### PROBLEM STATEMENT:
Would you output the entries below only from the line containing "(* [b] is the" through the line containing "have dev_close k", exactly as they stand and with both ends included?

Dataset entries
-- Opening Marker --
Lemma ones_freq_bounds (x : binseq) (g : R) : balanced x -> freq R x @ \oo --> g ->
  forall k l, `|(ones x k l)%:R - l%:R * g| <= 1.
Proof.
move=> x_bal x_freq k [|l]; first by rewrite ones0 mul0r subr0 normr0 ler01.
set a := ones x k l.+1; set L := l.+1.
have L_gt0 : 0 < L%:R :> R by rewrite ltr0n.
have freq_blocks N : freq R x (N.+1 * L) * (N.+1 * L)%:R = (ones x 0 (N.+1 * L))%:R.
  by rewrite /freq divfK // pnatr_eq0 muln_eq0.
have NL_gt0 N : 0 < (N.+1 * L)%:R :> R by rewrite ltr0n muln_gt0.
have le_MNL M : (M <= M.+1 * L)%N by rewrite mulSn; lia.
have g_lo : (a%:R - 1) / L%:R <= g.
  apply: (le_cvg_frequently x_freq) => M; exists (M.+1 * L)%N; first exact: le_MNL.
  rewrite -(ler_pM2r (NL_gt0 M)) freq_blocks natrM mulrCA divfK ?lt0r_neq0 //.
  have [+ _] := ones_blocks_bounds x_bal k L M.+1; rewrite -(ler_nat R) natrD natrM.
  lra.
have g_hi : g <= (a%:R + 1) / L%:R.
  apply: (ge_cvg_frequently x_freq) => M; exists (M.+1 * L)%N; first exact: le_MNL.
  rewrite -(ler_pM2r (NL_gt0 M)) freq_blocks natrM mulrCA divfK ?lt0r_neq0 //.
  have [_] := ones_blocks_bounds x_bal k L M.+1; rewrite -(ler_nat R) natrM -natr1.
  lra.
move: g_lo g_hi; rewrite ler_pdivrMr // ler_pdivlMr // ler_norml; lra.
Qed.

(* [b] is the supremum of the deviations [ones x 0 k - k g], which differ
   pairwise by at most 1 since they are window counts minus their mean. *)
Lemma ones_intercept (x : binseq) (g : R) : balanced x -> freq R x @ \oo --> g ->
  exists b : R, forall k, k%:R * g + b - 1 <= (ones x 0 k)%:R <= k%:R * g + b.
Proof.
move=> x_bal x_freq; pose dev k := (ones x 0 k)%:R - k%:R * g.
have dev_close k m : `|dev m - dev k| <= 1.
  wlog le_km : k m / (k <= m)%N.
    by move=> wlogH; case: (leqP k m) => [|/ltnW] /wlogH; rewrite // distrC.
  have [d ->] : exists d, m = (k + d)%N by exists (m - k)%N; rewrite subnKC.
  have -> : dev (k + d)%N - dev k = (ones x k d)%:R - d%:R * g.
    by rewrite /dev onesD add0n !natrD; ring.
  exact: ones_freq_bounds.
have dev_sup : has_sup (range dev).
  split; first by exists (dev 0), 0.
  by exists (dev 0 + 1) => _ [k _ <-]; have := dev_close 0 k; rewrite ler_norml; lra.
exists (sup (range dev)) => k.
have le_sup : dev k <= sup (range dev) by apply: sup_upper_bound => //; exists k.
have sup_le : sup (range dev) <= dev k + 1.
  apply: ge_sup => [|_ [m _ <-]]; first by exists (dev 0), 0.
  by have := dev_close k m; rewrite ler_norml; lra.
by move: le_sup sup_le; rewrite /dev => ? ?; apply/andP; split; lra.
Qed.

End Frequency.

Section LowerBound.
Variable R : realType.

Lemma floorDN_nonint (z : R) : z \isn't a Num.int -> Num.floor z + Num.floor (- z) = -1.
Proof.
move=> /negbTE z_nonint.
by rewrite [Num.floor (- z)]floorNceil opprK ceil_floor z_nonint opprD addrA subrr add0r.
Qed.

Definition ord_ext (p : nat) (f : 'I_p -> R) (i : nat) : R :=
  if insub i is Some j then f j else 0.

Lemma ord_extE (p : nat) (f : 'I_p -> R) (j : 'I_p) : ord_ext f j = f j.
Proof. by rewrite /ord_ext valK. Qed.

Section QIndependence.
Variables (p : nat) (gamma : 'I_p -> R).
Hypothesis gamma_indep : Q_lin_indep_1 gamma.

Lemma Q_lin_indep_int : int_lin_indep p (ord_ext gamma).
Proof.
move=> c0 c eq0 i lt_ip.
have : ratr c0%:Q + \sum_(j < p) ratr (c j)%:Q * gamma j = 0.
  by rewrite -[RHS]eq0 ratr_int; congr (_ + _); apply: eq_bigr => j _; rewrite ratr_int ord_extE.
by case/gamma_indep=> _ /(_ (Ordinal lt_ip))/eqP; rewrite intr_eq0 => /eqP.
Qed.

Lemma Q_lin_indep_nonint j (d : int) : d != 0 -> d%:~R * gamma j \isn't a Num.int.
Proof.
move=> d_neq0; apply/negP => /intrP[M eq_M].
pose c j' : rat := if j' == j then d%:Q else 0.
have : ratr (- M)%:Q + \sum_(j' < p) ratr (c j') * gamma j' = 0.
  rewrite (bigD1 j) //= big1 => [|j' /negbTE neq_j]; last by rewrite /c neq_j rmorph0 mul0r.
  by rewrite /c eqxx addr0 !ratr_int eq_M intrN addNr.
by case/gamma_indep=> _ /(_ j); rewrite /c eqxx => /eqP; rewrite intr_eq0 (negbTE d_neq0).
Qed.

End QIndependence.

Lemma exists_pos_lower_bound (T : finType) (f : T -> R) :
  (forall t, 0 < f t) -> exists2 e, 0 < e & forall t, e <= f t.
Proof.
move=> f_gt0.
suff [e e_gt0 le_e] : exists2 e, 0 < e & forall t, t \in enum T -> e <= f t.
  by exists e => // t; apply: le_e; rewrite mem_enum.
elim: (enum T) => [|t0 s [e e_gt0 le_e]]; first by exists 1.
exists (Order.min e (f t0)); first by rewrite lt_min e_gt0 f_gt0.
by move=> t; rewrite inE ge_min => /orP[/eqP->|/le_e->]; rewrite ?lexx ?orbT.
Qed.

Lemma mechanical_ones_eq (x : binseq) (g b : R) (k : nat) (N : int) :
  (forall k, k%:R * g + b - 1 <= (ones x 0 k)%:R <= k%:R * g + b) ->
  N%:~R < k%:R * g + b < (N + 1)%:~R -> (ones x 0 k)%:Z = N.
Proof.
move=> /(_ k)/andP[lo hi] /andP[N_lt lt_N1].
have : (ones x 0 k)%:Z%:~R < (N + 1)%:~R :> R by apply: le_lt_trans lt_N1.
have : (N - 1)%:~R < (ones x 0 k)%:Z%:~R :> R by rewrite intrB; lra.
by rewrite !ltr_int; lia.
Qed.

(* [rotation_ones g c i] counts the 1's among the first [i] letters of the
   lower mechanical word of slope [g] read from position [-c]. *)
Definition rotation_floor (g : R) (c i : nat) : int := Num.floor ((i%:Z - c%:Z)%:~R * g).

Definition rotation_ones (g : R) (c i : nat) : int := rotation_floor g c i - rotation_floor g c 0.

Lemma rotation_ones_inj (g : R) n c c' :
  (forall d : int, d != 0 -> d%:~R * g \isn't a Num.int) -> (c <= n)%N -> (c' <= n)%N ->
  (forall i, (i <= n)%N -> rotation_ones g c i = rotation_ones g c' i) -> c = c'.
Proof.
move=> g_nonint le_cn le_c'n eq_rot; apply/eqP; apply: contraT => neq_cc'.
have := floorDN_nonint (g_nonint (c%:Z - c'%:Z) _); rewrite subr_eq0 eqz_nat neq_cc'.
have := eq_rot c le_cn; have := eq_rot c' le_c'n.
rewrite /rotation_ones /rotation_floor !subrr mul0r floor0 -mulNr -intrN opprB.
move: (Num.floor _) (Num.floor _) (Num.floor _) (Num.floor _) => *; lia.
Qed.

Lemma exists_floor_gap (p n : nat) (gamma : 'I_p -> R) : exists2 e, 0 < e &
  forall j (i c : nat), (i <= n)%N -> (c <= n)%N ->
    (i%:Z - c%:Z)%:~R * gamma j + e <= (rotation_floor (gamma j) c i + 1)%:~R.
Proof.
pose gap (t : 'I_p * 'I_(n.+1 + n)) :=
  (Num.floor ((t.2%:Z - n%:Z)%:~R * gamma t.1) + 1)%:~R - (t.2%:Z - n%:Z)%:~R * gamma t.1.
have [e e_gt0 le_e] : exists2 e, 0 < e & forall t, e <= gap t.
  by apply: exists_pos_lower_bound => t; rewrite subr_gt0 floorD1_gt.
exists e => // j i c le_in le_cn.
have lt_t : (i + n - c < n.+1 + n)%N by lia.
have := le_e (j, Ordinal lt_t); rewrite /gap /rotation_floor /=.
by rewrite (_ : _ - _ = i%:Z - c%:Z); [lra | lia].
Qed.

Section Windows.
Variables (p : nat) (gamma : 'I_p -> R) (xs : 'I_p -> binseq).
Hypotheses (gamma_indep : Q_lin_indep_1 gamma) (xs_X : forall j, X_gamma (gamma j) (xs j)).

(* Kronecker's theorem places all [p] intercepts [k gamma_j + b_j] (mod 1)
   just above the point [- c_j gamma_j], so that the next [n] letters of
   [xs j] follow the rotation word started there. *)
Lemma exists_window n (c : 'I_p -> nat) : (forall j, (c j <= n)%N) ->
  exists k, forall j i, (i <= n)%N -> (ones (xs j) k i)%:Z = rotation_ones (gamma j) (c j) i.
Proof.
move=> le_cn.
have /choice[b line_b] j : exists b : R,
    forall k, k%:R * gamma j + b - 1 <= (ones (xs j) 0 k)%:R <= k%:R * gamma j + b.
  by case: (xs_X j) => _; apply: ones_intercept.
have [e e_gt0 gap_e] := exists_floor_gap n gamma.
pose y j := - (c j)%:R * gamma j + e / 2 - b j.
have e4_gt0 : 0 < e / 4 by rewrite divr_gt0.
have [k [m approx]] := kronecker_nat (Q_lin_indep_int gamma_indep) (ord_ext y) e4_gt0.
exists k => j i le_in.
have ones_shift i' : (i' <= n)%N ->
    (ones (xs j) 0 (k + i'))%:Z = m j + rotation_floor (gamma j) (c j) i'.
  move=> le_i'n; apply: mechanical_ones_eq (line_b j) _.
  have := approx j (ltn_ord j); rewrite !ord_extE /y ltr_norml => /andP[? ?].
  have := gap_e j i' (c j) le_i'n (le_cn j); have := floor_le ((i'%:Z - (c j)%:Z)%:~R * gamma j).
  rewrite /rotation_floor !intrD intrN natrD -!pmulrn => ? ?; apply/andP; split; lra.
have := ones_shift i le_in; have := ones_shift 0%N (leq0n n).
rewrite addn0 (onesD _ 0 k i) add0n PoszD /rotation_ones; lia.
Qed.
-- Closing Marker --
### ANSWER TO THE EXERCISE:
(* [b] is the supremum of the deviations [ones x 0 k - k g], which differ
   pairwise by at most 1 since they are window counts minus their mean. *)
Lemma ones_intercept (x : binseq) (g : R) : balanced x -> freq R x @ \oo --> g ->
  exists b : R, forall k, k%:R * g + b - 1 <= (ones x 0 k)%:R <= k%:R * g + b.
Proof.
move=> x_bal x_freq; pose dev k := (ones x 0 k)%:R - k%:R * g.
have dev_close k m : `|dev m - dev k| <= 1.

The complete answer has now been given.